• [Saved entries]
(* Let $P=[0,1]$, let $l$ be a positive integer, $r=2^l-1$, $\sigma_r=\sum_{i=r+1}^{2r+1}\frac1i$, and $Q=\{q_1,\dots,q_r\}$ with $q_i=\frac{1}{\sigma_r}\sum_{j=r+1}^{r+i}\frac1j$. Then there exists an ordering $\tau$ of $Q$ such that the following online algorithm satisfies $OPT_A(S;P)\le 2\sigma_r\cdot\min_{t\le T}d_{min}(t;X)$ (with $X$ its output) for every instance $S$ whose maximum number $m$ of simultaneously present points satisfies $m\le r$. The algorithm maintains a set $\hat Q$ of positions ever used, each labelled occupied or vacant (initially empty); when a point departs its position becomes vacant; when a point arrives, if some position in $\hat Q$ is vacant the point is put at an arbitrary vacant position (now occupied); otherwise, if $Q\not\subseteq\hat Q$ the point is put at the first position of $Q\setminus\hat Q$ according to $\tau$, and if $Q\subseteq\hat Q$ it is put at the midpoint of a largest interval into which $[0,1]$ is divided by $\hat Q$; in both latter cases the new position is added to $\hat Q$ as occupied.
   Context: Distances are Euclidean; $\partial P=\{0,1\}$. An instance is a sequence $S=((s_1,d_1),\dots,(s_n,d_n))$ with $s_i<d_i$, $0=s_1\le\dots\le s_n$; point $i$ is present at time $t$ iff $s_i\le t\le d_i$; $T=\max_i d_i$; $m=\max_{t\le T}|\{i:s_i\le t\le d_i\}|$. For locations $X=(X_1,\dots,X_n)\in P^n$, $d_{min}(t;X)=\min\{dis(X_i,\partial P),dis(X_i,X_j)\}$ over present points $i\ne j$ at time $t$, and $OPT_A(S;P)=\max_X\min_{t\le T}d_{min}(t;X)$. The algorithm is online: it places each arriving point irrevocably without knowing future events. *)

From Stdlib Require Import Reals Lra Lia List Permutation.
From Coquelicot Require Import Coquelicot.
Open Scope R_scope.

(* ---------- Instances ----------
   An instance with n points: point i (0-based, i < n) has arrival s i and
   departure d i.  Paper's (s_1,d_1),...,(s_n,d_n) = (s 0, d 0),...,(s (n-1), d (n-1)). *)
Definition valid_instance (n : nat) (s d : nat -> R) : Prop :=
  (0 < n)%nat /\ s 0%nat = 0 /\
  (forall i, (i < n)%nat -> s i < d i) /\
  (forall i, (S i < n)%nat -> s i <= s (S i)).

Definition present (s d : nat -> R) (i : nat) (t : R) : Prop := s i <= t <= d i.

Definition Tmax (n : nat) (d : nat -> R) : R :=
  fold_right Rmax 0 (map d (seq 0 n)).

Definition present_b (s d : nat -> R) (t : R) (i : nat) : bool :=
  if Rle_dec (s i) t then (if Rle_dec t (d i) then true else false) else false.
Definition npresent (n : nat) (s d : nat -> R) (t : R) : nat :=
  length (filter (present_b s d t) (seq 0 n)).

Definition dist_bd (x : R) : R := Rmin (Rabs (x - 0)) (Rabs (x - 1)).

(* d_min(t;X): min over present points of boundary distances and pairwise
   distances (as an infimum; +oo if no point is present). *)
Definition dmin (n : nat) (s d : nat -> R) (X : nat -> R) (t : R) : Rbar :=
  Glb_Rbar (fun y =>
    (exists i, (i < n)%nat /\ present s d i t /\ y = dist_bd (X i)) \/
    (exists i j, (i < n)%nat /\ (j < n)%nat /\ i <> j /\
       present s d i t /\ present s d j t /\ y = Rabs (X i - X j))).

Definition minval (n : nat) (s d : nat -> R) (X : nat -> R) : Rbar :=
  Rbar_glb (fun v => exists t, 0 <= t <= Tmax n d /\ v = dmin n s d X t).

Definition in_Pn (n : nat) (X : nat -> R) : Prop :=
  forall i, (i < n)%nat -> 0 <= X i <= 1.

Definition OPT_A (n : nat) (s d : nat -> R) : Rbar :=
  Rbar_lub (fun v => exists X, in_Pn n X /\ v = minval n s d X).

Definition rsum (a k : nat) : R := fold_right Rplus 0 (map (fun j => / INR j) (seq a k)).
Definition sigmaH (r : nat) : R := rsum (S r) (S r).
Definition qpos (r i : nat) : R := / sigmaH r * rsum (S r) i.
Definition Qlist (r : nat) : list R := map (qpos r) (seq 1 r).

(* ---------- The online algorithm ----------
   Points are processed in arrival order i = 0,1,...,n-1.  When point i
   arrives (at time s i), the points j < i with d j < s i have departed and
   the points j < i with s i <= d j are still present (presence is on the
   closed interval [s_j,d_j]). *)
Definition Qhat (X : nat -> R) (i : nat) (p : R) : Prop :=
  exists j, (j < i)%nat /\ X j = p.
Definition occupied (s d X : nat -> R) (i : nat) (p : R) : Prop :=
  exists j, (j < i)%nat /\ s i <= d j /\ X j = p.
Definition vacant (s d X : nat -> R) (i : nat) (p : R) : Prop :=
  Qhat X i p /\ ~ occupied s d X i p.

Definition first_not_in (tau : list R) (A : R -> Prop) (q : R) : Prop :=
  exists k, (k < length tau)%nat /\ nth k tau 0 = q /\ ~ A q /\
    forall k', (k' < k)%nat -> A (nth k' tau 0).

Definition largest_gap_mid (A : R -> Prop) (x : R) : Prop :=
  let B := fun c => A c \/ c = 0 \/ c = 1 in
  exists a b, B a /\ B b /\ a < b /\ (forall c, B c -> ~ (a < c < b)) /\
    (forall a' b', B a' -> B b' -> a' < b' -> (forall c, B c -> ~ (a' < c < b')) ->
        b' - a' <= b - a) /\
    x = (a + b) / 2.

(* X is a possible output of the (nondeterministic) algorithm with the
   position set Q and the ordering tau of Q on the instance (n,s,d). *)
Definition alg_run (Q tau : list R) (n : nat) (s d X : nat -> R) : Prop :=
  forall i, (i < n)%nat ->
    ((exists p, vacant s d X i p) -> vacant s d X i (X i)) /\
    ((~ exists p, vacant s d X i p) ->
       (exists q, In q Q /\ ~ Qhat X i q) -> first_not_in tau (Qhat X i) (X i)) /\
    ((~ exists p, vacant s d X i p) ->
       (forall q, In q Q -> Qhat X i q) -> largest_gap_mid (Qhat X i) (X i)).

• [Requirement] Starting at the line that contains "distances (as an" and stopping after the line that contains "Definition occupied (s", write out every line exactly as it appears above, and no other line.

• [Response area]
   distances (as an infimum; +oo if no point is present). *)
Definition dmin (n : nat) (s d : nat -> R) (X : nat -> R) (t : R) : Rbar :=
  Glb_Rbar (fun y =>
    (exists i, (i < n)%nat /\ present s d i t /\ y = dist_bd (X i)) \/
    (exists i j, (i < n)%nat /\ (j < n)%nat /\ i <> j /\
       present s d i t /\ present s d j t /\ y = Rabs (X i - X j))).

Definition minval (n : nat) (s d : nat -> R) (X : nat -> R) : Rbar :=
  Rbar_glb (fun v => exists t, 0 <= t <= Tmax n d /\ v = dmin n s d X t).

Definition in_Pn (n : nat) (X : nat -> R) : Prop :=
  forall i, (i < n)%nat -> 0 <= X i <= 1.

Definition OPT_A (n : nat) (s d : nat -> R) : Rbar :=
  Rbar_lub (fun v => exists X, in_Pn n X /\ v = minval n s d X).

Definition rsum (a k : nat) : R := fold_right Rplus 0 (map (fun j => / INR j) (seq a k)).
Definition sigmaH (r : nat) : R := rsum (S r) (S r).
Definition qpos (r i : nat) : R := / sigmaH r * rsum (S r) i.
Definition Qlist (r : nat) : list R := map (qpos r) (seq 1 r).

(* ---------- The online algorithm ----------
   Points are processed in arrival order i = 0,1,...,n-1.  When point i
   arrives (at time s i), the points j < i with d j < s i have departed and
   the points j < i with s i <= d j are still present (presence is on the
   closed interval [s_j,d_j]). *)
Definition Qhat (X : nat -> R) (i : nat) (p : R) : Prop :=
  exists j, (j < i)%nat /\ X j = p.
Definition occupied (s d X : nat -> R) (i : nat) (p : R) : Prop :=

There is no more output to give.